Es ist ein Buch, das stark geprägt ist vom Kampf gegen Benachteiligung der Menschen, die sich außerhalb der westlichen und der männlichen Wertegemeinschaft wiederfinden. Damen und Herren gibt es inzwischen in der Anrede bei der Lufthansa nicht mehr, ohne einen Shitstorm der Non-Binären zu riskieren. Dann doch lieber eine neue Wortwahl mit Gender-Stolpersternchen? Selbst der gute alte Duden, gerade eben noch von der Dudin verschont, pflegt auftragsgemäß die deutsche Sprache nicht, sondern dokumentiert nur mitlaufend ihre Veränderungen im Entwicklungsprozess. Da fängt doch für den Sprachfreund der Boden unter den Füßen an zu wanken.
Wenn man als alter weißer Mann in der Gedankenwelt der Minensucher langsam heimisch geworden ist, könnte die Lektüre dieses sehr inhaltsreichen Büchleins eine Bereicherung des eigenen Wortschatzes in Schrift und Sprache darstellen.

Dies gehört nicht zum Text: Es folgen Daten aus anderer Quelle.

(* If every positive entry equals r, each row has a single positive entry, so
   there is at most one exchange between two rows. *)
Lemma pair_degree_le1 (i k : 'I_n) :
  (forall x y : 'I_n, 0 < v x y -> v x y = r) -> pair_degree v i k <= 1.
Proof.
move=> hall; have single x a a' : 0 < v x a -> 0 < v x a' -> a = a'.
  move=> ha ha'; apply/eqP; apply: contraT => aa'.
  by have := row_two x aa'; rewrite (hall _ _ ha) (hall _ _ ha'); lia.
have [a0 ha0] := row_pos i; have [b0 hb0] := row_pos k.
rewrite -(cards1 (a0, b0)); apply/subset_leq_card/subsetP => -[a b].
by rewrite !inE /= => /and3P [_ ha hb]; rewrite (single _ _ _ ha ha0) (single _ _ _ hb hb0).
Qed.

(* Otherwise some entry lies strictly between 0 and r, and its row has a second
   positive entry. *)
Lemma two_positive_in_row : ~ (forall i j : 'I_n, 0 < v i j -> v i j = r) ->
  exists i0 a1 a2, [/\ a1 != a2, 0 < v i0 a1 & 0 < v i0 a2].
Proof.
move=> not_perm.
have [i0 [a1 [pos ne_r]]] : exists i0 a1, 0 < v i0 a1 /\ v i0 a1 != r.
  case: (boolP [exists i, exists j, (0 < v i j) && (v i j != r)]).
    by case/existsP => i /existsP [j /andP [pos ne_r]]; exists i, j.
  move=> none; exfalso; apply: not_perm => i j pos; apply/eqP; apply: contraNT none => ne_r.
  by apply/existsP; exists i; apply/existsP; exists j; rewrite pos ne_r.
have [a2 a21 pos2] : exists2 a2, a2 != a1 & 0 < v i0 a2.
  by apply: row_other; rewrite ltn_neqAle ne_r entry_le.
by exists i0, a1, a2; rewrite eq_sym.
Qed.

Lemma deg_ge_binomial : 'C(n, 2) <= deg v.
Proof.
rewrite deg_pair_degree -card_row_pairs; apply: leq_sum => i _; apply: leq_sum => k ik.
by apply: pair_degree_gt0; rewrite neq_ltn ik.
Qed.

Lemma deg_permutation :
  (forall i j : 'I_n, 0 < v i j -> v i j = r) -> deg v = 'C(n, 2).
Proof.
move=> hall; apply/eqP; rewrite eqn_leq deg_ge_binomial andbT deg_pair_degree.
rewrite -card_row_pairs; apply: leq_sum => i _; apply: leq_sum => k _.
exact: pair_degree_le1.
Qed.

(* Part (b): each of the n - 1 pairs of rows through row i0 gains an exchange. *)
Lemma deg_non_permutation :
  ~ (forall i j : 'I_n, 0 < v i j -> v i j = r) -> 'C(n, 2) + (n - 1) <= deg v.
Proof.
case/two_positive_in_row => i0 [a1 [a2 [a12 h1 h2]]].
rewrite deg_pair_degree -card_row_pairs -(card_row_pairs_through i0) -big_split /=.
apply: leq_sum => i _; rewrite -big_split /=; apply: leq_sum => k ik.
have ikn : i != k by rewrite neq_ltn ik.
case: (eqVneq i i0) => [ei | ni]; case: (eqVneq k i0) => [ek | nk] /=; subst.
- by rewrite eqxx in ikn.
- exact: pair_degree_gt1 ikn a12 h1 h2.
- by rewrite pair_degree_sym; apply: pair_degree_gt1 a12 h1 h2; rewrite eq_sym.
- exact: pair_degree_gt0.
Qed.

End VertexRows.

Lemma half_product_identity n : (n + 2) * (n - 1) %/ 2 = 'C(n, 2) + (n - 1).
Proof.
have twice_bin : n * (n - 1) = 2 * 'C(n, 2) by rewrite -mul_bin_diag bin1 subn1.
suff -> : (n + 2) * (n - 1) = 2 * ('C(n, 2) + (n - 1)) by rewrite mulKn.
by rewrite mulnDl mulnDr -twice_bin.
Qed.

Theorem lemma2p1 (n r : nat) (hn : 1 <= n) (hr : 1 <= r)
  (v : 'M[nat]_n) (hv : is_vertex r v) :
  ((forall i j : 'I_n, 0 < v i j -> v i j = r) ->
     deg v = 'C(n, 2) /\ is_min_degree n r (deg v)) /\
  (~ (forall i j : 'I_n, 0 < v i j -> v i j = r) ->
     (n + 2) * (n - 1) %/ 2 <= deg v /\ (n + 2) * (n - 1) %/ 2 = 'C(n, 2) + (n - 1)).
Proof.
rewrite half_product_identity; split=> [perm | not_perm]; last first.
  by split=> //; exact: deg_non_permutation hr hv not_perm.
have deg_v := deg_permutation hr hv perm.
split=> //; rewrite deg_v; split; first by exists v.
by move=> w hw; exact: deg_ge_binomial hr hw.
Qed.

Das generische Maskulinum jedoch steht unverkennbar auf tönernen Füßen. Die Jungen werden es bald nicht mehr brauchen, so die Autoren, den Konjunktiv auch nicht. Man sollte offen und frei von Panik an den interessanten, auch provozierenden, mitunter ziemlich polemisierenden Lesestoff herangehen. Irgendwie lohnt es sich ja immer, Neuland vorsichtig zu betreten, Entwicklungen bewusst zu verfolgen. Keine Angst vor Minen? Man muss ja nicht alles anpacken wollen. Es darf hie und da bei der Lektüre gelacht werden, aus welcher Intention auch immer. Das Nachlesen resp. Rekapitulieren bestimmter Begriffe macht Mühe. Ein Sachregister wäre hilfreich gewesen zur Orientierung im verminten Gelände.